2. The method of claim 1, wherein covalently attaching a plurality of variable length barcode tags comprises hybridizing a plurality of primers comprising the variable length barcode tags to a plurality of nucleic acid molecules comprising at least a portion of the target nucleic acid molecule sequence and extending the primers with a polymerase, thereby generating a plurality of double-stranded variable length barcode tag target nucleic acid molecules.

3. The method of claim 2, wherein the plurality of nucleic acid molecules comprise mRNA, the polymerase is an RNA-dependent DNA polymerase, and the plurality of primers comprising the variable length barcode tag comprise 3' oligo-dT ends.

4. The method of claim 2, wherein the first end of the uniquely tagged target nucleic acid molecule comprises a poly-a region and/or a poly-T region, and wherein the variable length barcode tag is 3 'of the poly-a region and/or 5' of the poly-T region.

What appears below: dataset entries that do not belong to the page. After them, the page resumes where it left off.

Lemma tcols_word_table T a : tcols (word_table T a) = on_cols a T.
Proof. by rewrite /word_table /opI remaining_off_cols; case: eqP. Qed.

Lemma trows_word_table T a x : x \in trows (word_table T a) ->
  exists2 r, r \in trows T & x = (proj (off_cols a T) T r.1,
                                  violated_letters (on_cols a T) a (proj (off_cols a T) T r.1)).
Proof.
rewrite /word_table /opI; case: eqP => // _ /mapP[y /mem_dedup_first /mapP[r rT ->] ->].
by exists r.
Qed.

Lemma value_word_table T a v f : f \in tcols T -> f \in map fst a ->
  value (word_table T a) (proj (off_cols a T) T v) f = value T v f.
Proof.
move=> fT fa; rewrite /value tcols_word_table -remaining_off_cols nth_proj //.
by rewrite mem_filter fa.
Qed.

Lemma mismatch_word_table T a v : {subset map fst a <= tcols T} ->
  mismatch (value (word_table T a) (proj (off_cols a T) T v)) a = mismatch (value T v) a.
Proof.
move=> a_cols; congr map; apply: eq_in_filter => l la.
by rewrite value_word_table ?a_cols ?map_f.
Qed.

Section WordTable.

Variables (T : table) (a : word).
Hypotheses (a_ne : a != [::]) (a_cols : {subset map fst a <= tcols T}).

Lemma word_table_row r : r \in trows T ->
  exists2 x, x \in trows (word_table T a) & x.1 = proj (off_cols a T) T r.1.
Proof.
move=> rT; have [l la] : exists l, l \in a.
  by case: (a) a_ne => // l ?; exists l; apply: mem_head.
rewrite /word_table /opI; case: eqP => [on_nil | _].
  have : l.1 \in on_cols a T by rewrite mem_filter map_f // a_cols // map_f.
  by rewrite -remaining_off_cols on_nil.
have [y y_in y_r] := dedup_first_cover (seen := [::])
  (map_f (fun r => (proj (off_cols a T) T r.1, r.2)) rT) isT.
by eexists; first exact: (map_f _ y_in).
Qed.

Lemma violation_word_table : irreducible T a -> violation_table (word_table T a) a.
Proof.
move=> irr_a; split.
- move=> f; rewrite tcols_word_table mem_filter.
  by apply/andP/idP => [[] | fa] //; split=> //; apply: a_cols.
- move=> x /trows_word_table[r rT ->] /=; rewrite mismatch_word_table //.
  have [[_ a_Lam _] _] := irr_a; have mis_r := mismatch_neq_nil a_Lam rT.
  split=> // d; rewrite /violated_letters.
  have -> : (fun f : nat => nth false (proj (off_cols a T) T r.1) (index f (on_cols a T))) =
            value (word_table T a) (proj (off_cols a T) T r.1).
    by rewrite /value tcols_word_table.
  by rewrite mismatch_word_table // (negbTE mis_r) seq_fsetE.
- move=> l la; have [r rT mis_r] := irreducible_critical_row irr_a la.
  have [x xW x_r] := word_table_row rT.
  by exists x; rewrite // x_r mismatch_word_table.
Qed.

End WordTable.

Lemma closed_class_Lambda A : closed_class A -> A Lambda.
Proof.
case=> _ [[T AT] clA]; apply/clA; exists T; split=> //.
exists (tcols T), (fun _ => [fset 0]); split=> //; split.
  by move=> v _; apply/fset0Pn; exists 0; rewrite in_fset1.
rewrite /opI (_ : remaining _ _ = [::]) // -(filter_pred0 (tcols T)).
by apply: eq_in_filter => f ->.
Qed.

Lemma irreducible_size_le A psi n T a :
  closed_class A -> bounded_measure psi -> H_defined psi A n -> A_psi psi A n T ->
  irreducible T a -> size a - 1 <= H_psiA psi A n.
Proof.
move=> [_ [_ clA]] psi_b H_def [AT mT] irr_a.
have /finite_natsetP[B HB] : finite_natset (H_set psi A n) := H_def.
have [-> // | a_ne] := eqVneq a [::].
have [[a_cols _ _] _] := irr_a.
have T'_viol := violation_word_table a_ne a_cols irr_a.
have AT' : A (word_table T a) by apply/clA; exists T; split=> //; apply: word_table_in_span.
have psi_a_T' : psi_a psi (word_table T a) <= n.
  apply: leq_trans (psi_a_le_m_psi T'_viol a_ne psi) (leq_trans _ mT).
  by apply: m_psi_subset => f; rewrite tcols_word_table mem_filter => /andP[].
apply: leq_trans (psi_d_ge T'_viol a_ne (irreducible_uniq_keys irr_a) psi_b) _.
have H_T' : H_set psi A n (psi_d psi (word_table T a)) by exists (word_table T a).
by have [_ ->] := max_natP H_T' HB.
Qed.

Lemma G_tab_le A psi n T :
  closed_class A -> bounded_measure psi -> H_defined psi A n -> A_psi psi A n T ->
  G_tab T <= (H_psiA psi A n).+1.
Proof.
move=> A_cl psi_b H_def T_n; rewrite /G_tab; case: ifP => // _.
case: (excluded_middle_informative (exists a, irreducible T a)) => // -[a irr_a].
have le_H k : (exists a, irreducible T a /\ size a = k) -> k <= (H_psiA psi A n).+1.
  by case=> b [irr_b <-]; rewrite -add1n -leq_subLR; apply: irreducible_size_le irr_b.
by have [/le_H] := max_natP (ex_intro _ a (conj irr_a erefl)) le_H.
Qed.

Unset Implicit Arguments.

Theorem lemma15 (A : table -> Prop) (psi : seq nat -> nat) :
  closed_class A -> nontrivial A -> bounded_measure psi ->
  (forall n, H_defined psi A n) ->
  forall n, G_defined psi A n /\ G_psiA psi A n - 1 <= H_psiA psi A n.
Proof.
move=> A_cl _ psi_b H_def n.
have G_le k : G_set psi A n k -> k <= (H_psiA psi A n).+1.
  by case=> T [T_n <-]; apply: G_tab_le.
split; first by apply/finite_natsetP; exists (H_psiA psi A n).+1.
have G_Lambda : G_set psi A n 0.
  exists Lambda; split; first by split; [apply: closed_class_Lambda | rewrite /m_psi big_nil].
  by rewrite /G_tab; case: (excluded_middle_informative (Lambda = Lambda)).
by have [/G_le] := max_natP G_Lambda G_le; rewrite leq_subLR add1n.
Qed.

5. The method of claim 1, wherein covalently attaching a plurality of variable length barcode tags comprises attaching variable length barcode tags to target nucleic acid molecules in the plurality.

6. The method of claim 1, wherein after a) and before b), the method comprises forming a double stranded target nucleic acid molecule with a variable length barcode tag comprising a first DNA strand hybridized to a reverse complementary second DNA strand.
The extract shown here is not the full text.